On the actual power side? Donald R. Schneider: On the power side, so what's the question on the power side?
Just on the sales channels, I think in last year's presentation, there was a slug of terawatt hours that were contracted but not were indexed priced or still floating with pricing. So when we look at that, close business, I think that may include some pricing volatility and just a quick color on how much that is. Donald R. Schneider: Yes, very little. The pricing volatility that you saw last year is around our gov bag [ph] contracts that tie to PTC, in the main -- those PTCs have been established, therefore, the gov bag [ph] rates have been established.
Maybe just to play devil's advocate, the comments Leila made on the AAP case, with respect to their filings on capacity not being customer friendly, or competitor friendly, I guess they would probably argue that they had committed their capacity under this FRR, on PJM and thus, they're owed this money.
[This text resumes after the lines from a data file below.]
(* Let $n$ be a positive integer. Let $R_n\subseteq T_n$ be the set of triples $(A,B,C)\in T_n$ with $C$ empty, and let $D_n^0\subseteq D_n$ be the set of pairs $(H,X)\in D_n$ with $X$ on the horizontal axis. Define $r:R_n\to D_n^0$ by $r(A,B,\emptyset)=(H,X)$, where $H$ is the concatenation of $A$ and $B$ and $X$ is the point at which $A$ and $B$ meet. Then $r$ is a bijection.
   Context: A lattice path here is a finite (possibly empty) sequence of steps, each an up step $(1,1)$ or a down step $(1,-1)$, drawn as a polygonal line from a given starting lattice point; its lattice points are its starting point and the endpoints of its steps. $T_n$ is the set of ordered triples $(A,B,C)$ of lattice paths such that for some nonnegative integers $i,j,k$ with $i+j+k=n$, $A$ has $i$ up and $i$ down steps, $B$ has $j$ up and $j$ down steps, and $C$ has $k$ up and $k$ down steps. $D_n$ is the set of pairs $(H,X)$ where $H$ is a lattice path with $n$ up steps and $n$ down steps drawn from $(0,0)$ to $(2n,0)$ and $X$ is one of the $2n+1$ lattice points of $H$. The concatenation of paths is obtained by drawing them successively, each starting at the endpoint of the preceding one, the first starting at $(0,0)$. *)

From mathcomp Require Import all_boot all_order all_algebra.
Set Implicit Arguments. Unset Strict Implicit. Unset Printing Implicit Defensive.
Import GRing.Theory Num.Theory.
Local Open Scope ring_scope.

(* A lattice lpath is its sequence of steps: true = up step (1,1),
   false = down step (1,-1). *)
Definition lpath := seq bool.
Definition point := (int * int)%type.

Definition step_dy (b : bool) : int := if b then 1 else -1.

Definition height (p : lpath) : int := \sum_(b <- p) step_dy b.

Definition nups (p : lpath) : nat := count id p.
Definition ndowns (p : lpath) : nat := count negb p.

Definition lattice_points (p : lpath) : seq point :=
  [seq ((k%:Z), height (take k p)) | k <- iota 0 (size p).+1].

Definition in_T (n : nat) (t : lpath * lpath * lpath) : Prop :=
  let: (A, B, C) := t in
  exists i j k : nat, (i + j + k)%N = n /\
    nups A = i /\ ndowns A = i /\ nups B = j /\ ndowns B = j /\
    nups C = k /\ ndowns C = k.

Definition in_R (n : nat) (t : lpath * lpath * lpath) : Prop :=
  in_T n t /\ t.2 = [::].

Definition in_D (n : nat) (d : lpath * point) : Prop :=
  let: (H, X) := d in
  nups H = n /\ ndowns H = n /\ X \in lattice_points H.

Definition in_D0 (n : nat) (d : lpath * point) : Prop :=
  in_D n d /\ d.2.2 = 0.

Definition r (t : lpath * lpath * lpath) : lpath * point :=
  let: (A, B, _) := t in (A ++ B, ((size A)%:Z, height A)).

From mathcomp Require Import all_boot all_order all_algebra.
From mathcomp Require Import zify.
Import GRing.Theory Num.Theory.
Local Open Scope ring_scope.

(* Splitting a balanced path at a lattice point on the axis gives two balanced
   paths, and a concatenation of balanced paths returns to the axis where its
   two pieces meet; the split point (size A) recovers A and B from A ++ B. *)

Lemma heightE (p : lpath) : height p = (nups p)%:Z - (ndowns p)%:Z.
Proof.
elim: p => [|b p IH]; first by rewrite /height big_nil.
rewrite /height big_cons -/(height p) IH /nups /ndowns /=.
by case: b; rewrite /step_dy /=; lia.
Qed.

Lemma height_eq0 (p : lpath) : (height p = 0) <-> nups p = ndowns p.
Proof. by rewrite heightE; split=> [/eqP | ->]; rewrite ?subrr // subr_eq0 => /eqP []. Qed.

Lemma nups_cat (p q : lpath) : nups (p ++ q) = (nups p + nups q)%N.
Proof. exact: count_cat. Qed.

Lemma ndowns_cat (p q : lpath) : ndowns (p ++ q) = (ndowns p + ndowns q)%N.
Proof. exact: count_cat. Qed.

Lemma lattice_pointsP (p : lpath) (X : point) :
  reflect (exists2 k, (k <= size p)%N & X = (k%:Z, height (take k p)))
          (X \in lattice_points p).
Proof.
apply: (iffP mapP) => [[k] | [k le_kp ->]].
  by rewrite mem_iota add0n ltnS => le_kp ->; exists k.
by exists k; rewrite // mem_iota add0n ltnS.
Qed.

Lemma in_RP (n : nat) (A B C : lpath) :
  in_R n (A, B, C) <->
  [/\ C = [::], nups A = ndowns A, nups B = ndowns B & (nups A + nups B)%N = n].
Proof.
split=> [[[i [j [k [<- [-> [<- [-> [<- [Ck _]]]]]]]]] /= C0] | [C0 hA hB <-]].
  by subst C; move: Ck; rewrite /nups /= => <-; rewrite addn0.
split=> //; exists (nups A), (nups B), 0%N.
by subst C; rewrite addn0.
Qed.

Lemma cat_inj_size {T : Type} {A B A' B' : seq T} :
  size A = size A' -> A ++ B = A' ++ B' -> A = A' /\ B = B'.
Proof.
move=> eq_size eq_cat; split.
  by rewrite -(take_size_cat B (erefl (size A))) eq_cat eq_size take_size_cat.
by rewrite -(drop_size_cat B (erefl (size A))) eq_cat eq_size drop_size_cat.
Qed.

Theorem proposition1 (n : nat) (hn : (0 < n)%N) :
  (forall t, in_R n t -> in_D0 n (r t)) /\
  (forall t1 t2, in_R n t1 -> in_R n t2 -> r t1 = r t2 -> t1 = t2) /\
  (forall d, in_D0 n d -> exists t, in_R n t /\ r t = d).
Proof.
split; last split.
- move=> [[A B] C] /in_RP [_ hA hB <-].
  rewrite /in_D0 /in_D /=; split; last exact/height_eq0.
  rewrite nups_cat ndowns_cat -hA -hB; split=> //; split=> //.
  by apply/lattice_pointsP; exists (size A); rewrite ?size_cat ?leq_addr ?take_size_cat.
- move=> [[A B] C] [[A' B'] C'] /in_RP [-> _ _ _] /in_RP [-> _ _ _] [eq_cat eq_size _].
  by case: (cat_inj_size eq_size eq_cat) => -> ->.
move=> [H X] [[upsH [downsH /lattice_pointsP [k le_kH eqX]]] /= X0].
have hA : nups (take k H) = ndowns (take k H) by apply/height_eq0; rewrite -X0 eqX.
have := nups_cat (take k H) (drop k H); have := ndowns_cat (take k H) (drop k H).
rewrite cat_take_drop upsH downsH => dn un.
exists (take k H, drop k H, [::]); split.
  by apply/in_RP; split=> //; lia.
by rewrite /r cat_take_drop eqX size_takel.
Qed.
Lemma count_diamond_grid m : (1 <= m)%nat ->
  sumR (fun c => if (Z.abs (fst c) + 2 * Z.abs (snd c) <=? 2 * Z.of_nat m)%Z then 1 else 0)
    (list_prod (zrange (- Z.of_nat (2 * m)) (4 * m)) (zrange (- Z.of_nat (2 * m)) (4 * m)))
  = 4 * INR m * INR m + 2 * INR m.
Proof.
  intros Hm.
  set (row := fun c => IZR (Z.max 0 (Z.min (2 * Z.of_nat m - 2 * c) (2 * Z.of_nat m - 1)
                                   + (2 * Z.of_nat m - 2 * c) + 1))).
  rewrite sumR_list_prod, sumR_comm. cbn [fst snd].
  rewrite (sumR_ext _ (fun y => row (Z.abs y))).
  2:{ intros y _. rewrite sumR_diamond_row. unfold row. f_equal. lia. }
  replace (zrange (- Z.of_nat (2 * m)) (4 * m))
    with ((- Z.of_nat (2 * m))%Z :: zrange (- Z.of_nat (2 * m - 1)) (2 * (2 * m - 1) + 1)).
  2:{ replace (4 * m)%nat with (S (2 * (2 * m - 1) + 1)) by lia.
      rewrite zrange_cons. do 2 f_equal. lia. }
  cbn [sumR]. rewrite (sumR_diamond_rows row m (2 * m - 1)).
  2: lia.
  2:{ intros c Hc. unfold row. rewrite Z.max_l by lia. reflexivity. }
  rewrite (sumR_ext row (fun c => (4 * INR m + 1) + (-4) * IZR c)).
  2:{ intros c Hc. apply In_zrange in Hc. unfold row. rewrite Z.max_r, Z.min_l by lia.
      rewrite !plus_IZR, !minus_IZR, !mult_IZR, <- INR_IZR_INZ. ring. }
  rewrite sumR_affine_zrange. unfold row.
  rewrite Z.max_l, Z.max_r, Z.min_r by lia.
  rewrite !plus_IZR, !minus_IZR, !mult_IZR, <- INR_IZR_INZ. field.
Qed.

Lemma riemann_sum_kTri2_one k n : (1 <= k)%nat -> (0 < n)%nat ->
  riemann_sum (2 * k) n (kTri2 k) (fun _ => 1) (corner_tag n)
  = 4 * INR k * INR k + 2 * INR k / INR n.
Proof.
  intros hk Hn. pose proof (lt_0_INR _ Hn) as HN.
  unfold riemann_sum, grid.
  replace (2 * k * n)%nat with (2 * (k * n))%nat by lia.
  replace (2 * (2 * k) * n)%nat with (4 * (k * n))%nat by lia.
  rewrite (sumR_ext _ (fun c => if (Z.abs (fst c) + 2 * Z.abs (snd c)
                                      <=? 2 * Z.of_nat (k * n))%Z then 1 else 0)).
  - rewrite count_diamond_grid by nia. rewrite mult_INR. field. lra.
  - intros [a b] _. cbn [fst snd]. rewrite Nat2Z.inj_mul.
    destruct (Z.leb_spec (Z.abs a + 2 * Z.abs b) (2 * (Z.of_nat k * Z.of_nat n))) as [H|H].
    + rewrite ind_in by (apply kTri2_corner_tag; auto). ring.
    + rewrite ind_out by (rewrite kTri2_corner_tag; lia || auto). ring.
Qed.

Lemma area_kTri2 k vol : (1 <= k)%nat ->
  riemann_int (2 * k) (kTri2 k) (fun _ => 1) vol -> vol = 4 * INR k * INR k.
Proof.
  intros hk H.
  apply (UL_sequence _ _ _ (riemann_int_cv _ _ _ _ _ H corner_tag_cells)).
  apply (Un_cv_of_rate _ _ (2 * INR k)). intros n.
  rewrite riemann_sum_kTri2_one by lia.
  assert (0 < INR (S n)) by apply lt_0_INR, Nat.lt_0_succ.
  replace (4 * INR k * INR k + 2 * INR k / INR (S n) - 4 * INR k * INR k)
    with (2 * INR k / INR (S n)) by ring.
  rewrite Rabs_pos_eq; [lra|].
  apply Rmult_le_pos; [pose proof (pos_INR k) | left; apply Rinv_0_lt_compat]; lra.
Qed.

(** * The triangles T_i and the area of T_0 *)

(* [fan_form k j] vanishes on the ray through [a_pt k j]. *)
Definition fan_form (k j : nat) (x y : R) : R := (INR k - INR j) * x - 2 * INR j * y.

Lemma T_iff k i x y : (i < k)%nat ->
  T k i (x, y) <->
  0 <= fan_form k i x y /\ fan_form k (S i) x y <= 0 /\ x + 2 * y <= 2 * INR k.
Proof.
  intros Hik. assert (Hk : 0 < INR k) by (apply lt_0_INR; lia).
  unfold T, fan_form, a_pt. cbn [fst snd]. rewrite S_INR. split.
  - intros (l0 & l1 & l2 & H0 & H1 & H2 & Hs & -> & ->). nra.
  - intros (Hi & HSi & Hsum).
    exists ((2 * INR k - (x + 2 * y)) / (2 * INR k)),
           (- ((INR k - (INR i + 1)) * x - 2 * (INR i + 1) * y) / (2 * INR k)),
           (((INR k - INR i) * x - 2 * INR i * y) / (2 * INR k)).
    assert (0 < / (2 * INR k)) by (apply Rinv_0_lt_compat; lra).
    unfold Rdiv. repeat split; try nra; field; lra.
Qed.

Lemma T_in_quadrant k i p : (i < k)%nat -> T k i p -> 0 <= fst p /\ 0 <= snd p.
Proof.
  intros Hik (l0 & l1 & l2 & H0 & H1 & H2 & Hs & -> & ->). unfold a_pt. cbn [fst snd].
  assert (INR (S i) <= INR k) by (apply le_INR; lia). rewrite S_INR in *.
  pose proof (pos_INR i). split; nra.
Qed.

Lemma T0_corner_tag k n a b : (1 <= k)%nat -> (0 < n)%nat ->
  T k 0 (corner_tag n (a, b)) <->
  (0 <= a /\ (Z.of_nat k - 1) * a <= 2 * b /\ 2 * b <= 2 * (Z.of_nat k * Z.of_nat n) - a)%Z.
Proof.
  intros hk Hn. pose proof (lt_0_INR _ Hn) as HN.
  unfold corner_tag. cbn [fst snd]. rewrite T_iff by lia. unfold fan_form.
  replace ((INR k - INR 0) * (IZR a / INR n) - 2 * INR 0 * (IZR b / INR n))
    with (IZR (Z.of_nat k * a) / INR n) by (rewrite mult_IZR, <- INR_IZR_INZ; simpl; field; lra).
  replace ((INR k - INR 1) * (IZR a / INR n) - 2 * INR 1 * (IZR b / INR n))
    with (IZR ((Z.of_nat k - 1) * a - 2 * b) / INR n)
    by (rewrite minus_IZR, !mult_IZR, minus_IZR, <- INR_IZR_INZ; simpl; field; lra).
  replace (IZR a / INR n + 2 * (IZR b / INR n)) with (IZR (a + 2 * b) / INR n)
    by (rewrite plus_IZR, mult_IZR; field; lra).
  replace (2 * INR k) with (IZR (2 * (Z.of_nat k * Z.of_nat n)) / INR n)
    by (rewrite !mult_IZR, <- !INR_IZR_INZ; field; lra).
  replace 0 with (IZR 0 / INR n) by (field; lra).
  rewrite !IZR_div_le_iff by lra. nia.
Qed.
Lemma Vfun_unvec {p n} (Om : 'M[R]_p) (x : 'cV[R]_(p * n)) :
  Vfun Om x = mxdot (unvec x) (Om *m unvec x).
Proof.
have -> : Om *m unvec x = unvec ((Om *t 1%:M) *m x).
  by rewrite unvec_tensmx_mul trmx1 mulmx1.
rewrite /Vfun qform_mxdot !mxdotE sum_mxtens_index.
by apply: eq_bigr => i _; apply: eq_bigr => j _; rewrite big_ord1 !mxE.
Qed.

End Vectorization.

Lemma interconnection_mul_ones (R : realType) p (L : 'M[R]_p) :
  interconnection L -> L *m ones R p = ones R p.
Proof.
move=> [_ L_rows]; apply/matrixP => i j; rewrite !mxE -[RHS](L_rows i).
by apply: eq_bigr => k _; rewrite !mxE mulr1.
Qed.

Section Trajectory.
Variable R : realType.
Variables (p n : nat) (L : 'M[R]_p) (r : 'cV[R]_p) (Q : nat -> 'M[R]_n).
Variable x0 : 'cV[R]_(p * n).
Hypotheses (L_ones : L *m ones R p = ones R p) (r_L : r^T *m L = r^T)
  (r_ones : r^T *m ones R p = 1%:M) (Q_sym : forall k, (Q k)^T = Q k).

Let xbar := tensmx (ones R p *m r^T) (1%:M : 'M[R]_n) *m x0.

Lemma traj_err_succ k :
  unvec (traj L Q x0 k.+1 - xbar) =
  unvec (traj L Q x0 k - xbar) + (L - 1%:M) *m unvec (traj L Q x0 k - xbar) *m Q k.
Proof.
have F_xbar : (L - 1%:M) *m unvec xbar = 0.
  by rewrite unvec_tensmx_mul trmx1 mulmx1 !mulmxA mulmxBl L_ones mul1mx subrr !mul0mx.
rewrite /= mulmxDl mul1mx !unvecB unvecD unvec_tensmx_mul Q_sym.
by rewrite [in RHS]mulmxBr F_xbar subr0 addrAC.
Qed.

Lemma r_traj_err k : r^T *m unvec (traj L Q x0 k - xbar) = 0.
Proof.
elim: k => [|k IHk].
  by rewrite /= unvecB unvec_tensmx_mul trmx1 mulmx1 mulmxBr !mulmxA r_ones mul1mx subrr.
by rewrite traj_err_succ mulmxDr IHk add0r !mulmxA mulmxBr r_L mulmx1 subrr !mul0mx.
Qed.

End Trajectory.

Section ErrorDynamics.
Variable R : realType.
Variables (p n N : nat) (L Om : 'M[R]_p) (r : 'cV[R]_p).
Variables (Q : nat -> 'M[R]_n) (E : nat -> 'M[R]_(p, n)).
Hypotheses (Om_psd : psd Om)
  (lyap : (L - ones R p *m r^T)^T *m Om *m (L - ones R p *m r^T) - Om = - 1%:M)
  (Q_Qbar : forall k, Qbar (Q k))
  (r_E : forall k, r^T *m E k = 0)
  (E_succ : forall k, E k.+1 = E k + (L - 1%:M) *m E k *m Q k).

Let s k := mxdot (E k) (E k *m Q k).
Let S := \sum_(j < N) s j.
Let ell := opnorm (L - 1%:M).

Let s_ge0 k : 0 <= s k.
Proof. exact/psd_mxdot_mulr_ge0/Qbar_psd. Qed.

Let S_ge0 : 0 <= S.
Proof. exact: sumr_ge0. Qed.

Lemma err_V_succ_le k :
  mxdot (E k.+1) (Om *m E k.+1) <= mxdot (E k) (Om *m E k) - s k.
Proof.
(* Since [r^T E k = 0], [L - 1] acts on [E k] as the [H] of the Lyapunov equation. *)
set H := L - ones R p *m r^T - 1%:M; rewrite E_succ.
have -> : (L - 1%:M) *m E k = H *m E k.
  by rewrite /H !mulmxBl -[ones R p *m _ *m _]mulmxA r_E mulmx0 subr0.
apply: lyapunov_decrease => //.
by apply: lyapunov_shift; rewrite subrK.
Qed.

Lemma err_V_le k : mxdot (E k) (Om *m E k) <= mxdot (E 0) (Om *m E 0) - \sum_(j < k) s j.
Proof.
elim: k => [|k IHk]; first by rewrite big_ord0 subr0.
by rewrite big_ord_recr /=; apply: le_trans (err_V_succ_le k) _; lra.
Qed.

Lemma err_drift k : E k - E 0 = \sum_(j < k) (L - 1%:M) *m E j *m Q j.
Proof.
elim: k => [|k IHk]; first by rewrite big_ord0 subrr.
by rewrite big_ord_recr /= -IHk E_succ addrAC.
Qed.

Lemma err_drift_le k : (k <= N)%N ->
  mxdot (E 0 - E k) (E 0 - E k) <= N%:R * (ell ^+ 2 * S).
Proof.
move=> le_k_N; rewrite -opprB mxdotNl mxdotNr opprK err_drift.
apply: le_trans (mxdot_sum_le k (fun j => (L - 1%:M) *m E j *m Q j)) _.
have sum_le :
    \sum_(j < k) mxdot ((L - 1%:M) *m E j *m Q j) ((L - 1%:M) *m E j *m Q j) <= ell ^+ 2 * S.
  apply: le_trans (_ : \sum_(j < k) ell ^+ 2 * s j <= _).
    apply: ler_sum => j _; rewrite -mulmxA; apply: le_trans (mxdot_mull_le_opnorm _ _) _.
    by rewrite ler_wpM2l ?sqr_ge0 //; apply: Qbar_mxdot_mulr_sqr_le.
  rewrite -mulr_sumr ler_wpM2l ?sqr_ge0 // /S -!(big_mkord xpredT).
  by rewrite (big_cat_nat (leq0n k) le_k_N) /= lerDl sumr_ge0.
apply: le_trans (_ : k%:R * (ell ^+ 2 * S) <= _); first by rewrite ler_wpM2l ?ler0n.
by rewrite ler_wpM2r ?ler_nat // mulr_ge0 ?sqr_ge0.
Qed.

Lemma err_excitation_le :
  mxdot (E 0) (E 0 *m \sum_(k < N) Q k) <= 2 * S + 2 * N%:R ^+ 2 * (ell ^+ 2 * S).
Proof.
have term_le (k : 'I_N) :
    mxdot (E 0) (E 0 *m Q k) <= 2 * s k + 2 * (N%:R * (ell ^+ 2 * S)).
  rewrite -[E 0](subrK (E k)) addrC.
  apply: le_trans (psd_mxdot_addr_le _ _ (Qbar_psd (Q_Qbar k))) _.
  have := Qbar_mxdot_mulr_le (Q_Qbar k) (E 0 - E k).
  have := err_drift_le (ltnW (ltn_ord k)); rewrite /s; lra.
rewrite mulmx_sumr mxdot_sumr; apply: le_trans (ler_sum _ (fun k _ => term_le k)) _.
rewrite big_split /= -mulr_sumr sumr_const card_ord -mulr_natl -/S; lra.
Qed.

Lemma err_energy_le (eps : R) : (1 <= N)%N -> 0 <= eps ->
  eps <= sigma_min (\sum_(k < N) Q k) ->
  eps ^+ 2 * mxdot (E 0) (E 0) <= 4 * N%:R ^+ 3 * (Num.max 1 (ell ^+ 2) * S).
Proof.
move=> N_ge1 eps_ge0 excit; set M := Num.max 1 (ell ^+ 2); set Nr := N%:R : R.
apply: le_trans (excitation_mxdot Q_Qbar eps_ge0 excit (E 0)) _.
apply: le_trans (ler_wpM2l (ler0n _ N) err_excitation_le) _; rewrite -/Nr.
have S_le : S <= M * S by rewrite ler_peMl // le_max lexx.
have NS_le : Nr * S <= Nr ^+ 3 * (M * S).
  apply: le_trans (_ : Nr ^+ 3 * S <= _); last by rewrite ler_wpM2l ?exprn_ge0.
  by rewrite ler_wpM2r // exprSr ler_peMl ?exprn_ege1 ?ler1n.
have ellS_le : Nr ^+ 3 * (ell ^+ 2 * S) <= Nr ^+ 3 * (M * S).
  by rewrite ler_wpM2l ?exprn_ge0 ?ler_wpM2r // le_max lexx orbT.
have -> : Nr * (2 * S + 2 * Nr ^+ 2 * (ell ^+ 2 * S)) =
    2 * (Nr * S) + 2 * (Nr ^+ 3 * (ell ^+ 2 * S)) by ring.
lra.
Qed.

Lemma err_contraction (eps : R) : (0 < n)%N -> (1 <= N)%N -> 0 < eps ->
  eps <= sigma_min (\sum_(k < N) Q k) ->
  mxdot (E N) (Om *m E N) <= (1 - delta eps N n / rho L Om) * mxdot (E 0) (Om *m E 0).
Proof.
move=> n_gt0 N_ge1 eps_gt0 excit; rewrite /rho /sigma_max -/ell.
have N3_gt0 : 0 < 4 * N%:R ^+ 3 :> R by rewrite mulr_gt0 // exprn_gt0 // ltr0n.
apply: (contraction_of_decrease (e := mxdot (E 0) (E 0)) (S := S)).
- rewrite /delta; apply: divr_ge0; first exact: exprn_ge0 (ltW eps_gt0).
  by rewrite !mulr_ge0 ?exprn_ge0 ?ler0n.
- exact: opnorm_ge0.
- by rewrite (lt_le_trans ltr01) // le_max lexx.
- exact: S_ge0.
- exact: psd_mxdot_mull_ge0.
- exact: err_V_le.
- exact: mxdot_mul_le_opnorm.
rewrite -(ler_pM2r N3_gt0) mulrAC [_ * S * _]mulrC.
apply: le_trans (err_energy_le N_ge1 (ltW eps_gt0) excit).
rewrite ler_wpM2r ?mxdot_ge0 // delta_mul_le //.
exact: excitation_le_horizon Q_Qbar (ltW eps_gt0) excit n_gt0.
Qed.

End ErrorDynamics.

Unset Implicit Arguments.

Theorem theorem11 (R : realType) (n p N : nat) (eps : R)
  (L : 'M[R]_p) (r : 'cV[R]_p) (Om : 'M[R]_p) :
  0 < eps -> (1 <= N)%N ->
  connected_ic L ->
  r^T *m L = r^T -> r^T *m ones R p = 1%:M ->
  posdef Om ->
  (L - ones R p *m r^T)^T *m Om *m (L - ones R p *m r^T) - Om = - 1%:M ->
  forall Q : nat -> 'M[R]_n,
    (forall k, Qbar (Q k)) ->
    eps <= sigma_min (\sum_(k < N) Q k) ->
    forall x0 : 'cV[R]_(p * n),
      let xbar := tensmx (ones R p *m r^T) (1%:M : 'M[R]_n) *m x0 in
      Vfun Om (traj L Q x0 N - xbar)
        <= (1 - delta eps N n / rho L Om) * Vfun Om (x0 - xbar).
Proof.
(* Connectivity only ensures that [r] and [Om] exist; here they are given. *)
move=> eps_gt0 N_ge1 [L_ic _] r_L r_ones /posdef_psd Om_psd lyap Q Q_Qbar excit x0.
cbv zeta; set xbar := tensmx _ _ *m x0; rewrite !Vfun_unvec.
have [n0|n_gt0] := posnP n.
  by subst n; rewrite !(thinmx0 (unvec _)) !mulmx0 !mxdot0r mulr0.
have Q_sym k : (Q k)^T = Q k by case: (Qbar_psd (Q_Qbar k)).
have L_ones := interconnection_mul_ones L_ic.
apply: (@err_contraction _ _ _ _ L Om r Q (fun k => unvec (traj L Q x0 k - xbar))) => //.
- exact: r_traj_err.
- exact: traj_err_succ.
Qed.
What's the legal, beside the customer and competitive argument, what's the legal argument against that position? Anthony J. Alexander: I don't want to go there. Steve, come on. I'm not a lawyer anymore and I don't think Leila needs to answer legally what our position is going to be. I think she pretty well highlighted for you that we have a problem with the idea of charging capacity prices that are substantially in excess of market because they inhibit the ability of customers to choose and take effective use of the competitive markets to lower their prices and become more competitive and to grow their own businesses. Now that's the fundamental position of the company. And while, like Leila said, with respect to the Duke settlement, we're very comfortable with the fact that customers have the opportunity to shop. That it was the other parts of the transaction were not anticompetitive from the standpoint of customers. That's all we're seeking. To the extent that people try to do things that in fact inhibit the ability of competitive markets to run effectively, then we would oppose that. And we would think capacity charges of $200 plus in a market that's $20, is a tad bit over-the-top.
And one other unrelated question, just on the upcoming RPM auction, of the capacity that you are closing, how much of those cleared in last year's auction? In other words, how much less capacity might you have available that cleared last time for Tony into this auction? Anthony J. Alexander: I don't know. That's getting pretty detailed into the works. I'll let somebody get that to you later, Steve. All right, it looks like that's all the questions. I want to finish on a very high note for you and tell you that this company is focused on operational excellence. It's focused on our investors. It's focused on maintaining our dividend. Now there have been questions today about when we're going to grow it. Well, I think that time is, as the economy improves, as this thing settles down. Otherwise, this dividend is stable. We're working very hard to assure that we can maintain it. We're working very hard to make sure that this -- that we can take advantage of for our investors, for our company and for customers, improvements in the economy, and improvements overall in the competitive market for electricity. Thank you for your support. FirstEnergy is a great company. Have a great year.